# Problem to work on
When you reach the line that contains "sortedb j l'" in the data below, start reproducing lines exactly, and stop after the line that contains "(forall n, fmax (b".

[Exercise material — start]

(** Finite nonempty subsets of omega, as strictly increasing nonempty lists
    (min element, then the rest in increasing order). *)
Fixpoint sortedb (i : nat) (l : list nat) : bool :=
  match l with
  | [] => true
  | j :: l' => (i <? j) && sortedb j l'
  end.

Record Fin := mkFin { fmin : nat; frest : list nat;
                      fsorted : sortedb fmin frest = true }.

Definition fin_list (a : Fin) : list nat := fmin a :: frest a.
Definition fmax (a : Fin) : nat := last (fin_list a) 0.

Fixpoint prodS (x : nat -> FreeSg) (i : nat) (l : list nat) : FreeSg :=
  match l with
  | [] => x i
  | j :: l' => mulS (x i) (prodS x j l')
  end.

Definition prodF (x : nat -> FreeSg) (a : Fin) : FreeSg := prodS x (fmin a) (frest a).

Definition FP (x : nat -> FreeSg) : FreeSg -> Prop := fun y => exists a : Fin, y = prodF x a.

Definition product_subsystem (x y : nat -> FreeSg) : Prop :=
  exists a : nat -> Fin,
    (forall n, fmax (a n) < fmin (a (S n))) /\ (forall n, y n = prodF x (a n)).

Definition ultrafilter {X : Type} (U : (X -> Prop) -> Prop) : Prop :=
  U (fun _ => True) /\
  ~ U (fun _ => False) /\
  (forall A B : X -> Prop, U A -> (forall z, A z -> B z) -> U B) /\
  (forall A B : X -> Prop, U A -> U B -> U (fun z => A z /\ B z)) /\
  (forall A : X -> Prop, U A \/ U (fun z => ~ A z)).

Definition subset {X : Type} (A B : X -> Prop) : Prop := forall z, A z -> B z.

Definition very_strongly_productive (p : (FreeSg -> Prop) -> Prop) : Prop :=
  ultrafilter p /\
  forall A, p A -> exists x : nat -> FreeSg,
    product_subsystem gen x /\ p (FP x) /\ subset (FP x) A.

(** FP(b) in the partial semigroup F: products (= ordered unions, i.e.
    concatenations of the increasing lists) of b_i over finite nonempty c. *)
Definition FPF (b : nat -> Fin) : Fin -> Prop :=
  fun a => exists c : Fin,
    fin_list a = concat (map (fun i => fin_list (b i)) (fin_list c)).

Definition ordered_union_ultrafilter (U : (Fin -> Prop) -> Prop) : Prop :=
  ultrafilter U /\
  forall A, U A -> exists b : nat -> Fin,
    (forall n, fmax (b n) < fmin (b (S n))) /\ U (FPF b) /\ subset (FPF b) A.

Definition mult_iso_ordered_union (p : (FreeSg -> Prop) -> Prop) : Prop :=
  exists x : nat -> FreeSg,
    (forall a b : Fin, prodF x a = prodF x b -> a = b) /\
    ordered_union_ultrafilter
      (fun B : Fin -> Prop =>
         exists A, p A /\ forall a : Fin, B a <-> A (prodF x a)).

[Exercise material — finish]
[Exercise material — start]

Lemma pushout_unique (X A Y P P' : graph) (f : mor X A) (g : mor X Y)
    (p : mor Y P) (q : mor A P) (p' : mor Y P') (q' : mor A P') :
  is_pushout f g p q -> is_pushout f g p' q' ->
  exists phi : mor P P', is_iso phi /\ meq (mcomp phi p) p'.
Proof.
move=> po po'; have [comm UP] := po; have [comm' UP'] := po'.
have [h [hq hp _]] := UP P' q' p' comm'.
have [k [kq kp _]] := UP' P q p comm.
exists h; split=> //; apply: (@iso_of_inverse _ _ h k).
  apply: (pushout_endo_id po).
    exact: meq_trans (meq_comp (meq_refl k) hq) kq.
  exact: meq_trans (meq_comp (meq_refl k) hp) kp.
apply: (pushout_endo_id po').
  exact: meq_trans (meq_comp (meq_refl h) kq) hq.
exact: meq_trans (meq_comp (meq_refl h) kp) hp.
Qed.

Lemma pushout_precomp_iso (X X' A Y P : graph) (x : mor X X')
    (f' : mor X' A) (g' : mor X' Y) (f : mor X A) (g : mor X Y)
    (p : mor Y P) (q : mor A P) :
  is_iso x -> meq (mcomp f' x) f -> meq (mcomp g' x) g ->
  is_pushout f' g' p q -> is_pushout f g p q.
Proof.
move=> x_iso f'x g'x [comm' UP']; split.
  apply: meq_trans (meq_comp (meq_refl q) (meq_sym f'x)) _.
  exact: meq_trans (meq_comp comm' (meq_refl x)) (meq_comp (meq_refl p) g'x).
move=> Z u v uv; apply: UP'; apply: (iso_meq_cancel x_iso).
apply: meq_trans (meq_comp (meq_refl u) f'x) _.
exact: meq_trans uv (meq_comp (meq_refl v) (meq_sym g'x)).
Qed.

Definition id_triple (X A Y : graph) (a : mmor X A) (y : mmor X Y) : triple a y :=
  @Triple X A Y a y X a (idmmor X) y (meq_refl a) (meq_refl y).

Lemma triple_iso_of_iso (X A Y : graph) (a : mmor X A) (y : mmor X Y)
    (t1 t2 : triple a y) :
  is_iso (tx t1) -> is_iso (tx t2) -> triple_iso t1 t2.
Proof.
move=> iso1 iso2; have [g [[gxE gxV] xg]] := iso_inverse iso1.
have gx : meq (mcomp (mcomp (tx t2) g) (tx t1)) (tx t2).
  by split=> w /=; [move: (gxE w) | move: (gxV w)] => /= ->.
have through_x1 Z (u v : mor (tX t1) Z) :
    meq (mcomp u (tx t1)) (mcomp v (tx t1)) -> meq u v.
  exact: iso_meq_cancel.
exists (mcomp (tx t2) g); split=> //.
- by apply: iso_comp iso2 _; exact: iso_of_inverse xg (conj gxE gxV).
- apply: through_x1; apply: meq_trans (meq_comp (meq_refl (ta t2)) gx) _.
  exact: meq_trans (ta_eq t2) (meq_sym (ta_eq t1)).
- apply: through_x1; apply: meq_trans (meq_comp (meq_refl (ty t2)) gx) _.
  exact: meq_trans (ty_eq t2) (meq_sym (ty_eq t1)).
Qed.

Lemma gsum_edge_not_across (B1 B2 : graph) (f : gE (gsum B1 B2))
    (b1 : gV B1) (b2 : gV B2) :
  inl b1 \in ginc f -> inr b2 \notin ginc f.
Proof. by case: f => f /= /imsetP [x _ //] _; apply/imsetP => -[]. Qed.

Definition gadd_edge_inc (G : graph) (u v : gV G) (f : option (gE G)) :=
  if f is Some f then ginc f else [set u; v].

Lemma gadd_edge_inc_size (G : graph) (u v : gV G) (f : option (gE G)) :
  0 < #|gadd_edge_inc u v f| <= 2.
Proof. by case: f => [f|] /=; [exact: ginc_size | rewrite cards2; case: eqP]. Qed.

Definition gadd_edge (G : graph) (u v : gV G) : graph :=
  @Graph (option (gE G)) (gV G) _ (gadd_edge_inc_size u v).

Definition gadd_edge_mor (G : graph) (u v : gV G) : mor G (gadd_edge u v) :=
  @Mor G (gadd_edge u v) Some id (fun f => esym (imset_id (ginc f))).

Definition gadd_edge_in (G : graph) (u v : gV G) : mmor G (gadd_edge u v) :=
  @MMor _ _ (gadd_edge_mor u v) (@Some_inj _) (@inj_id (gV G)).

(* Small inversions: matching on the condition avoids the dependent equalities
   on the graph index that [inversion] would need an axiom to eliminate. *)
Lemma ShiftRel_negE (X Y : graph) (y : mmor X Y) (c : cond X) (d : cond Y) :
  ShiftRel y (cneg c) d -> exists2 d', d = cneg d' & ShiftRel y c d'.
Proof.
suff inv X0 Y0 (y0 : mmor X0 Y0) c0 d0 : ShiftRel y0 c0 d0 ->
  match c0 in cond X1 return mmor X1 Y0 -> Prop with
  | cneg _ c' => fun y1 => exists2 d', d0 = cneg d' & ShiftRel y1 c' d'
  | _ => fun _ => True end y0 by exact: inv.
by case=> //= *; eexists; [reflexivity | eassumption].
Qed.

[Exercise material — finish]
[Exercise material — start]

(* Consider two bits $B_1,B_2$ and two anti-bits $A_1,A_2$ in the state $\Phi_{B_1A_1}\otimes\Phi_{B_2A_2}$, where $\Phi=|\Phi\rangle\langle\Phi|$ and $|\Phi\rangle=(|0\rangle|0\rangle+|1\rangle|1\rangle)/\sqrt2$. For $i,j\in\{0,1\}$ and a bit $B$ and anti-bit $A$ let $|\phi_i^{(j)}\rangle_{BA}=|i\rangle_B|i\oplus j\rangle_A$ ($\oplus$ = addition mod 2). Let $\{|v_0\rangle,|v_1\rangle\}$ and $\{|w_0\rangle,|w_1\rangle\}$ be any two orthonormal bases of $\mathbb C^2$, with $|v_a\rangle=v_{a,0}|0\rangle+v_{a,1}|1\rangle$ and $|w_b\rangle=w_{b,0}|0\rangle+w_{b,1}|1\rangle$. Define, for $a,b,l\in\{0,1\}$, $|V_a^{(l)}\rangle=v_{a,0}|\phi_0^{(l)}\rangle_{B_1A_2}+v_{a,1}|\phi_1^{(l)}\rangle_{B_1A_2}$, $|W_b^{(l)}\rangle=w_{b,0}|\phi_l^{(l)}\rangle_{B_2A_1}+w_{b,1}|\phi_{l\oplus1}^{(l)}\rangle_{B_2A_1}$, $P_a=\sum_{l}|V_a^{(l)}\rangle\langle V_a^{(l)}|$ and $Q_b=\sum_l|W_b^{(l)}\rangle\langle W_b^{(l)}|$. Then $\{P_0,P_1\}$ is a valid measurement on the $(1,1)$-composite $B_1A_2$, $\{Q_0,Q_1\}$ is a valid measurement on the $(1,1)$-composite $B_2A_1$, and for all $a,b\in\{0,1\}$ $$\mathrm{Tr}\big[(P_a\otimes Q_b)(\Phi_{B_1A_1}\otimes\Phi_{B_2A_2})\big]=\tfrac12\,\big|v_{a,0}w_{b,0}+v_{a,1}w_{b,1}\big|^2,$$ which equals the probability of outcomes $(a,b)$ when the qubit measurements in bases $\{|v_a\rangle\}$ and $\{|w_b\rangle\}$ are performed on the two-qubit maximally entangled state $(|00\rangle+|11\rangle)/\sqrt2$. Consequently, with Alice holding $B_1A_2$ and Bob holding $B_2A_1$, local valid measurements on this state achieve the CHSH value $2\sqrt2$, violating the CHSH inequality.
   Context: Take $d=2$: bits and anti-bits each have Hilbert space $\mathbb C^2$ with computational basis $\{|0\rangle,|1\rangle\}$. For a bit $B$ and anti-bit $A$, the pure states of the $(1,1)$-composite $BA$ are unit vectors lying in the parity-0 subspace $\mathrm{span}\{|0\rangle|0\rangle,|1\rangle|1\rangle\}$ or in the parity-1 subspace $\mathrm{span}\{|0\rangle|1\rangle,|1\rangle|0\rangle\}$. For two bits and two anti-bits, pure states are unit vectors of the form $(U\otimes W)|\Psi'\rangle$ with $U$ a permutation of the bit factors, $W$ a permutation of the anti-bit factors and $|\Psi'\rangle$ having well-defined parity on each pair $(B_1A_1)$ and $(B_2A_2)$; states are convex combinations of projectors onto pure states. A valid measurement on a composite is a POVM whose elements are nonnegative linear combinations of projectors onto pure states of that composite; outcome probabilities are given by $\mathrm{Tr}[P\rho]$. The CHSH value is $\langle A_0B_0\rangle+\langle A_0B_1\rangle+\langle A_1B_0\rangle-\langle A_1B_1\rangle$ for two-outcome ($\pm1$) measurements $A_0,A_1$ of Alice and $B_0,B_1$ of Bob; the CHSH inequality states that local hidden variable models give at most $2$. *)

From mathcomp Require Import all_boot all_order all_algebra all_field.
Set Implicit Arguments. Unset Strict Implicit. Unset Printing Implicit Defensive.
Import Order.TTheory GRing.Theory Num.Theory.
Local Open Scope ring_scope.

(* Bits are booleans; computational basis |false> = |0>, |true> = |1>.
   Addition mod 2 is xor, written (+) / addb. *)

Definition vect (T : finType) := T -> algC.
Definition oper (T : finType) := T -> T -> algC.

[Exercise material — finish]

# Solution
  | j :: l' => (i <? j) && sortedb j l'
  end.

Record Fin := mkFin { fmin : nat; frest : list nat;
                      fsorted : sortedb fmin frest = true }.

Definition fin_list (a : Fin) : list nat := fmin a :: frest a.
Definition fmax (a : Fin) : nat := last (fin_list a) 0.

Fixpoint prodS (x : nat -> FreeSg) (i : nat) (l : list nat) : FreeSg :=
  match l with
  | [] => x i
  | j :: l' => mulS (x i) (prodS x j l')
  end.

Definition prodF (x : nat -> FreeSg) (a : Fin) : FreeSg := prodS x (fmin a) (frest a).

Definition FP (x : nat -> FreeSg) : FreeSg -> Prop := fun y => exists a : Fin, y = prodF x a.

Definition product_subsystem (x y : nat -> FreeSg) : Prop :=
  exists a : nat -> Fin,
    (forall n, fmax (a n) < fmin (a (S n))) /\ (forall n, y n = prodF x (a n)).

Definition ultrafilter {X : Type} (U : (X -> Prop) -> Prop) : Prop :=
  U (fun _ => True) /\
  ~ U (fun _ => False) /\
  (forall A B : X -> Prop, U A -> (forall z, A z -> B z) -> U B) /\
  (forall A B : X -> Prop, U A -> U B -> U (fun z => A z /\ B z)) /\
  (forall A : X -> Prop, U A \/ U (fun z => ~ A z)).

Definition subset {X : Type} (A B : X -> Prop) : Prop := forall z, A z -> B z.

Definition very_strongly_productive (p : (FreeSg -> Prop) -> Prop) : Prop :=
  ultrafilter p /\
  forall A, p A -> exists x : nat -> FreeSg,
    product_subsystem gen x /\ p (FP x) /\ subset (FP x) A.

(** FP(b) in the partial semigroup F: products (= ordered unions, i.e.
    concatenations of the increasing lists) of b_i over finite nonempty c. *)
Definition FPF (b : nat -> Fin) : Fin -> Prop :=
  fun a => exists c : Fin,
    fin_list a = concat (map (fun i => fin_list (b i)) (fin_list c)).

Definition ordered_union_ultrafilter (U : (Fin -> Prop) -> Prop) : Prop :=
  ultrafilter U /\
  forall A, U A -> exists b : nat -> Fin,
    (forall n, fmax (b n) < fmin (b (S n))) /\ U (FPF b) /\ subset (FPF b) A.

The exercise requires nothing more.